UPDATED March 10, 2015, with comment from Bayer.
A citizens petition lodged with the FDA last month wants the safety watchdog to take healthcare giant Bayer‘s (PINK:BAYRY) Essure permanent female sterilization device off the market, alleged that the clinical data the FDA used to approve the device was fudged and that the company concealed adverse events associated with Essure.
"The PMA process for Essure was replete with fraud on the FDA including the altering of medical records of trial participants," the Feb. 25 petition alleges.
Essure is part of the product portfolio Bayer acquired in the $1.1 billion buyout of Conceptus in 2013. Conceptus won FDA approval for Essure in 2002 under an expedited pre-market approval process. The device is a permanent form of birth control, comprised of flexible inserts that are implanted in the fallopian tubes where scar tissue forms around them. Essure is the only permanent contraceptive option that requires no incisions, the FDA has said, and the device contains no hormones and can be placed without need for anesthesia.
Patients and a prominent activist struck up a hue and cry almost immediately after Bayer’s buyout of Conceptus, agitated for the device to be taken off the market and for Bayer to launch a complete investigation into patient injury claims. But in October 2013 the FDA said that real-world results don’t support reports of extreme fatigue, depression, weight-gain and other issues associated with the implant.
The latest petition goes a step beyond accusations of health risks to level charges of fraud against Bayer and Conceptus.
"Medical records of trial participants were altered to reflect (1) favorable data, including less pain then was experienced and (2) certain birth dates," the petition alleges, citing the experience of Kimberly Hudak, a trial participant for the Essure device.
Hudak’s medical records "were altered to reflect less pain then she was experiencing and her answers were physically crossed out and fraudulently changed by the applicant as it related to affirmative findings of pain, adverse events, unusual pain, and unusual health related events," according to the petition filed by Florida law firm Koch Parafinczuk & Wolf [emphasis theirs]. "In fact, when Kimberly Hudak was reporting severe pain to the clinical trial doctor, Dr. Linda Bradley, the applicant was noting that Kimberly Hudak’s level of comfort was ‘excellent.’"
In another incident alleged in the petition, clinical trial participant Patricia Reese’s birth date was altered to ensure that she met the age requirements of the trial.
"Patricia Reese’s birth date was changed or somehow altered from 3/27/76 to 3/27/56, which raises the question as to why this was done? It is clear that the records were altered considering earlier records from the applicant’s doctor conducting the trial studies contained her correct date of birth," according to the petition.
Bayer spokeswoman Tara DiFlumeri told MassDevice.com via email that, under good clinical practice guidelines, "it is not uncommon for investigators to make edits prior to finalization on investigational reports."
"Although we cannot discuss individual clinical trial participants, we have seen the materials submitted with the citizen’s petition and strongly disagree with those allegations," DiFlumeri wrote.
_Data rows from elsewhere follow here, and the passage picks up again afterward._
(* Chain C n defines the n-th element of the set defined by C, when that set
   is a chain indexed by nat: the 0-th element is its least element and the
   (n+1)-th the least one strictly above the n-th. *)
Fixpoint Chain (C : nat -> formula) (n : nat) (v : nat) : formula :=
  match n with
  | 0 => MinOf C v
  | n.+1 => MinOf (fun w =>
      FAnd (C w) (FEx w.+1 (FAnd (Chain C n w.+1) (FLt (TVar w.+1) (TVar w))))) v
  end.

Lemma defines_chain (C : nat -> formula) (r : nat -> ypartition) :
  (forall k m, le_part (r k) (r m) = (k <= m)) ->
  defines C (fun x => exists k, x = r k) ->
  forall n, defines (Chain C n) (fun x => x = r n).
Proof.
move=> r_mono C_r; elim => [|n IH].
  by apply: (defines_min C_r); [exists 0 | move=> _ [k ->]; rewrite r_mono].
pose S x := (exists k, x = r k) /\ le_part (r n) x /\ ~ le_part x (r n).
apply: (defines_min (S := S)).
- move=> e w /=; rewrite C_r; split => [[Cw [y]] | [Cw [le_nw not_le_wn]]].
    by rewrite IH !upd_eq !upd_succ => -[->].
  by split=> //; exists (r n); rewrite IH !upd_eq !upd_succ.
- by split; [exists n.+1 | rewrite !r_mono ltnn leqnSn].
- by move=> _ [[k ->]]; rewrite !r_mono => -[_ /negP]; rewrite -ltnNge.
Qed.

Definition Row (n : nat) : nat -> formula :=
  Chain (fun w => FNot (FLe TConst (TVar w))) n.

Lemma defines_row n : defines (Row n) (fun x => x = rectp n 1).
Proof.
apply: (defines_chain _ (fun k => rectp k 1)) => [k m | ]; first exact: le_row_rect.
exact: defines_ext (defines_not defines_above_one_one) not_above_one_one.
Qed.

Definition Col (n : nat) : nat -> formula :=
  Chain (fun w => FNot (GeOf (Row 2) w)) n.

Lemma defines_col n : defines (Col n) (fun x => x = rectp 1 n).
Proof.
apply: (defines_chain _ (fun k => rectp 1 k)) => [k m | ]; first exact: le_col_rect.
exact: defines_ext (defines_not (defines_ge (defines_row 2))) not_above_two.
Qed.

Definition Rect (a b : nat) : nat -> formula :=
  MaxOf (fun w => FAnd (FNot (GeOf (Row a.+1) w)) (FNot (GeOf (Col b.+1) w))).

Lemma defines_rect a b : defines (Rect a b) (fun x => x = rectp a b).
Proof.
apply: defines_max.
- exact: defines_and (defines_not (defines_ge (defines_row _)))
                     (defines_not (defines_ge (defines_col _))).
- by rewrite /= !le_rectP //= !row_rect /= ltnn; case: ifP; rewrite ltnn.
- move=> y /=; rewrite !le_rectP //= => -[/negP y0 /negP yb].
  apply/le_partP => i; rewrite row_rect; case: ifP => [_|ge_ib].
    by apply: leq_trans (row_mono y 0 i (leq0n i)) _; rewrite leqNgt.
  move: yb; rewrite -eqn0Ngt => /eqP yb0.
  by rewrite -yb0 row_mono // leqNgt ge_ib.
Qed.

Definition Part (p : ypartition) : nat -> formula :=
  MinOf (fun w => bigand [seq GeOf (Rect (row p i) i.+1) w | i <- iota 0 (size (val p))]).

Lemma defines_part p : defines (Part p) (fun x => x = p).
Proof.
apply: (defines_min (S := le_part p)); last by [].
- move=> e w; rewrite (holds_bigand (fun i => GeOf (Rect (row p i) i.+1) w)).
  split => [above_rects | /le_partP le_pw i _]; last first.
    by rewrite (defines_ge (defines_rect _ _)) le_rectP.
  apply/le_partP => i; case: (ltnP i (size (val p))) => [lt_ip | ge_ip].
    have := above_rects i; rewrite mem_iota (defines_ge (defines_rect _ _)) le_rectP //.
    by apply.
  by move: ge_ip; rewrite leqNgt -row_pos lt0n negbK => /eqP ->.
- exact: le_part_refl.
Qed.

Lemma all_definable pi : definable pi.
Proof. by exists (Part pi 0) => e x; rewrite defines_part upd_eq. Qed.

Definition covers (x y : ypartition) : Prop :=
  le_part x y /\ x <> y /\ forall z, le_part x z -> le_part z y -> z = x \/ z = y.

Lemma le_one_two : le_part (rectp 1 1) (rectp 2 1).
Proof. by rewrite le_row_rect. Qed.
(* max-heaps, modelled by their contents; keys compared lexicographically
   (key, rank), rank being a fixed tie-breaking order on edges *)
Definition keylt (x y : R * E) : bool :=
  (x.1 < y.1) || ((x.1 == y.1) && (rank x.2 < rank y.2)%N).
Fixpoint hmax (h : seq (R * E)) : option (R * E) :=
  match h with
  | [::] => None
  | x :: t => match hmax t with
              | None => Some x
              | Some y => Some (if keylt y x then x else y)
              end
  end.
(* cost of one heap operation on a heap of size s : floor(log2 s) + 1 *)
Definition hcost (h : seq (R * E)) : nat := (trunc_log 2 (size h)).+1.

(* lazy evaluation on one heap, w.r.t. matching M; returns
   (new heap, resulting pointer, cost); None = fuel exhausted *)
Fixpoint lazy_eval (n : nat) (M : {set E}) (h : seq (R * E))
  : option (seq (R * E) * option E * nat) :=
  match n with
  | 0 => None
  | n'.+1 =>
    match hmax h with
    | None => Some (h, None, 1%N)
    | Some x =>
      let h1 := rem x h in
      let e := x.2 in
      if ~~ avail_edge M e then
        (* pop and discard: one heap op + one availability check *)
        omap (fun r => (r.1.1, r.1.2, (r.2 + hcost h + 1)%N)) (lazy_eval n' M h1)
      else
        let g := rho M e in
        match hmax h1 with
        | Some y =>
          if keylt (g, e) y then
            omap (fun r => (r.1.1, r.1.2, (r.2 + hcost h + hcost h1 + 3)%N))
                 (lazy_eval n' M ((g, e) :: h1))
          else Some ((g, e) :: h1, Some e, (hcost h + hcost h1 + 3)%N)
        | None => Some ((g, e) :: h1, Some e, (hcost h + hcost h1 + 3)%N)
        end
    end
  end.

Definition upd {T : Type} (F : V -> T) (v : V) (x : T) : V -> T :=
  fun w => if w == v then x else F w.

(* update step over the worklist us (matching M fixed);
   returns (heaps, pointers, vertices whose pointer changed, cost) *)
Fixpoint update_step (n : nat) (M : {set E}) (pq : V -> seq (R * E))
  (ptr : V -> option E) (us : seq V)
  : option ((V -> seq (R * E)) * (V -> option E) * seq V * nat) :=
  match us with
  | [::] => Some (pq, ptr, [::], 0%N)
  | v :: us' =>
    if availv M v then
      match lazy_eval n M (pq v) with
      | None => None
      | Some (h', p, c) =>
        omap (fun r => let: (pq2, ptr2, cs, c2) := r in
                       (pq2, ptr2, (if p != ptr v then v :: cs else cs),
                        (c2 + c + 1)%N))
             (update_step n M (upd pq v h') (upd ptr v p) us')
      end
    else omap (fun r => let: (pq2, ptr2, cs, c2) := r in
                        (pq2, ptr2, cs, (c2 + 1)%N))
              (update_step n M pq ptr us')
  end.

(* matching step over the vertices whose pointer changed;
   returns (new matching, newly matched edges, cost) *)
Fixpoint match_step (ptr : V -> option E) (M : {set E}) (cs : seq V)
  : {set E} * seq E * nat :=
  match cs with
  | [::] => (M, [::], 0%N)
  | u :: cs' =>
    let: (M1, nw) :=
      if availv M u then
        match ptr u with
        | Some e =>
          let v := other e u in
          if availv M v && (ptr v == Some e) then (e |: M, [:: e]) else (M, [::])
        | None => (M, [::])
        end
      else (M, [::]) in
    let: (M2, nw2, c) := match_step ptr M1 cs' in (M2, nw ++ nw2, (c + 3)%N)
  end.

(* next worklist: endpoints of newly matched edges and their available
   neighbours (restricted to available vertices), with scanning cost *)
Definition touched (M : {set E}) (nw : seq E) : seq V :=
  undup [seq w <- flatten [seq x :: [seq other e' x | e' <- enum (delta x)]
                          | x <- flatten [seq [:: src e; dst e] | e <- nw]]
        | availv M w].
Definition touched_cost (nw : seq E) : nat :=
  (\sum_(e <- nw) (#|delta (src e)| + #|delta (dst e)| + 2))%N.

Fixpoint main_loop (n : nat) (M : {set E}) (pq : V -> seq (R * E))
  (ptr : V -> option E) (us : seq V) : option nat :=
  match n with
  | 0 => None
  | n'.+1 =>
    if [exists e, avail_edge M e] then
      match update_step n' M pq ptr us with
      | None => None
      | Some (pq', ptr', cs, c1) =>
        let: (M', nw, c2) := match_step ptr' M (undup cs) in
        omap (fun c => (c + 1 + c1 + c2 + touched_cost nw)%N)
             (main_loop n' M' pq' ptr' (touched M' nw))
      end
    else Some 0%N
  end.

Definition pq0 (v : V) : seq (R * E) := [seq (f [set e], e) | e <- enum (delta v)].
Definition ptr0 (v : V) : option E := None.
Definition us0 : seq V := [seq v <- enum V | (0 < #|delta v|)%N].
Definition init_cost : nat :=
  (\sum_(v : V) #|delta v| * (2 + trunc_log 2 #|delta v|) + size us0)%N.

(* total cost of a run of Local Lazy Greedy with fuel n (None: fuel exhausted) *)
Definition llg_cost (n : nat) : option nat :=
  omap (fun c => (init_cost + c)%N) (main_loop n set0 pq0 ptr0 us0).

End LocalLazyGreedy.

(* Amortized analysis with a potential function.  A heap entry of an edge e
   whose key was computed against the matching A is charged
   probe_cost * (1 + 2 beta - |A :&: N(e)|), N(e) the edges sharing an endpoint
   with e.  By local dependence, a lazy probe that re-inserts e with a changed
   key has strictly enlarged A :&: N(e), and a discarded entry leaves the heap,
   so every probe is paid for by the heap it runs in.  Each worklist vertex
   carries a fixed charge, and the slack
   sum_v deg(v) (b(v) - deg_M(v)) + 2 |E :\: M| pays for the neighbourhood scans
   around newly matched edges, hence for the next worklist.  Every round matches
   an edge: stored keys only overestimate current gains (submodularity), so the
   pointed-to available edge with the largest current key (ties broken by rank)
   is also on top of the heap at its other endpoint.  The initial potential is
   O(beta m log Delta). *)

From HB Require Import structures.
From mathcomp Require Import all_boot all_order all_algebra.
From mathcomp Require Import zify lra.
Import Order.TTheory GRing.Theory Num.Theory.
Local Open Scope ring_scope.
Set Implicit Arguments. Unset Strict Implicit. Unset Printing Implicit Defensive.
(* Let $n\in\mathbb N$, $n\ge 2$, let $t\in[a,b]$ and let $f_j:[a,b]\to\mathbb F$, $j=1,\dots,n$, be $g$-differentiable at $t$. Then the product $\prod_{j=1}^n f_j$ is $g$-differentiable at $t$ and \[\Big(\prod_{j=1}^nf_j\Big)_g'(t)=\sum_{k=0}^{n-1}(\Delta g(t^* ))^k\Big(\sum_{\sigma\in F_{n,k+1}}\prod_{j=1}^n(f_j)^{(\sigma_j)}_g(t^* )\Big),\] where the factor $(\Delta g(t^* ))^0$ is interpreted as $1$.
   Context: Let $g:\mathbb R\to\mathbb R$ be nondecreasing and left-continuous, and $\mathbb F\in\{\mathbb R,\mathbb C\}$. For $t\in\mathbb R$ let $\Delta g(t)=g(t^+)-g(t)$, where $g(t^+)$ is the right-hand limit. Let $D_g=\{t\in\mathbb R:\Delta g(t)>0\}$ and $C_g=\{t\in\mathbb R: g \text{ is constant on }(t-\varepsilon,t+\varepsilon)\text{ for some }\varepsilon>0\}$; $C_g$ is open and is uniquely written as a countable union of pairwise disjoint open intervals $C_g=\bigcup_{n\in\Lambda}(a_n,b_n)$ (its connected components). Let $N_g^-=\{a_n:n\in\Lambda\}\setminus D_g$, $N_g^+=\{b_n:n\in\Lambda\}\setminus D_g$, $N_g=N_g^-\cup N_g^+$. Fix $a<b$ with $a\notin N_g^-$ and $b\notin D_g\cup C_g\cup N_g^+$. For $t\in[a,b]$ put $t^*=t$ if $t\notin C_g$ and $t^*=b_n$ if $t\in(a_n,b_n)$. The $g$-derivative of $f:[a,b]\to\mathbb F$ at $t\in[a,b]$ is $f'_g(t)=\lim_{s\to t}\frac{f(s)-f(t)}{g(s)-g(t)}$ if $t\notin D_g\cup C_g$, and $f'_g(t)=\lim_{s\to t^{*+}}\frac{f(s)-f(t^* )}{g(s)-g(t^* )}$ if $t\in D_g\cup C_g$, provided the (finite) limit exists, in which case $f$ is called $g$-differentiable at $t$; the limits are over $s\in[a,b]$ with $g(s)$ different from the value in the denominator, and at points of $N_g^+\cup\{a\}$ only the right-hand limit is taken while at points of $N_g^-\cup\{b\}$ only the left-hand limit is taken. Notation: $f^{(0)}_g=f$, $f^{(1)}_g=f'_g$; for $\sigma=(\sigma_1,\dots,\sigma_n)\in\{0,1\}^n$, $|\sigma|$ is the number of indices $j$ with $\sigma_j=1$, and $F_{n,k}=\{\sigma\in\{0,1\}^n:|\sigma|=k\}$. *)

From HB Require Import structures.
From mathcomp Require Import all_boot all_order all_algebra.
From mathcomp Require Import all_classical all_reals all_analysis.
From mathcomp Require Import complex.
Import Order.TTheory GRing.Theory Num.Theory numFieldNormedType.Exports.

Set Implicit Arguments.
Unset Strict Implicit.
Unset Printing Implicit Defensive.

Local Open Scope ring_scope.
Local Open Scope classical_set_scope.

(* The scalar field F in {R, C}: Fld R false = R, Fld R true = R[i]. *)
Definition Fld (R : realType) (isC : bool) : numFieldType :=
  if isC then (R[i] : numFieldType) else (R : numFieldType).

Definition toF (R : realType) (isC : bool) : R -> Fld R isC :=
  match isC return R -> Fld R isC with
  | true => fun x : R => (x%:C)%C
  | false => fun x : R => x
  end.

Section GCalculus.
Variable R : realType.
Implicit Types (g : R -> R) (t : R).

Definition Deltag g t : R := lim (g x @[x --> t^'+]) - g t.

Definition Dg g : set R := [set t | 0 < Deltag g t].

Definition Cg g : set R :=
  [set t | exists e : R, 0 < e /\ forall s, `|s - t| < e -> g s = g t].

Definition Ngminus g : set R :=
  [set x | exists c, Cg g c /\ has_lbound (connected_component (Cg g) c)
                     /\ x = inf (connected_component (Cg g) c) /\ ~ Dg g x].

Definition Ngplus g : set R :=
  [set x | exists c, Cg g c /\ has_ubound (connected_component (Cg g) c)
                     /\ x = sup (connected_component (Cg g) c) /\ ~ Dg g x].

Definition tstar g t : R :=
  if `[< Cg g t >] then sup (connected_component (Cg g) t) else t.

Variable isC : bool.
Local Notation F := (Fld R isC).
Local Notation emb := (@toF R isC).

Definition is_gderiv g (a b : R) (f : R -> F) t (L : F) : Prop :=
  (Dg g t \/ Cg g t ->
     forall e : F, 0 < e -> exists d : R, 0 < d /\
       forall s, a <= s <= b -> tstar g t < s < tstar g t + d ->
         g s <> g (tstar g t) ->
         `|(f s - f (tstar g t)) / emb (g s - g (tstar g t)) - L| < e) /\
  (~ (Dg g t \/ Cg g t) ->
     forall e : F, 0 < e -> exists d : R, 0 < d /\
       forall s, a <= s <= b -> `|s - t| < d -> g s <> g t ->
         (Ngplus g t \/ t = a -> t < s) ->
         (Ngminus g t \/ t = b -> s < t) ->
         `|(f s - f t) / emb (g s - g t) - L| < e).

Definition gdifferentiable g a b (f : R -> F) t : Prop :=
  exists L, is_gderiv g a b f t L.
The petition also alleges that Conceptus and later Bayer failed to report adverse events associated with Essure to the FDA, as required by the device’s PMA, including an Excel file containing some 16,047 complaints. DiFlumeri told us that Conceptus provided the Excel file to the FDA before its acquisition by Bayer.
"FDA acknowledged receipt of the CD-ROM in an establishment inspection report sent to Bayer on June 26, 2013. There was no failure to notify FDA of these complaints as alleged by the petitioner," she wrote. "Bayer stands behind the safety and efficacy of Essure and will aggressively defend itself in court. Bayer will also continue to work with the FDA on this issue and will respond to any questions the agency may have related to this citizen’s petition."
The FDA acknowledged receipt of the petition but said it hasn’t made a decision on the allegations.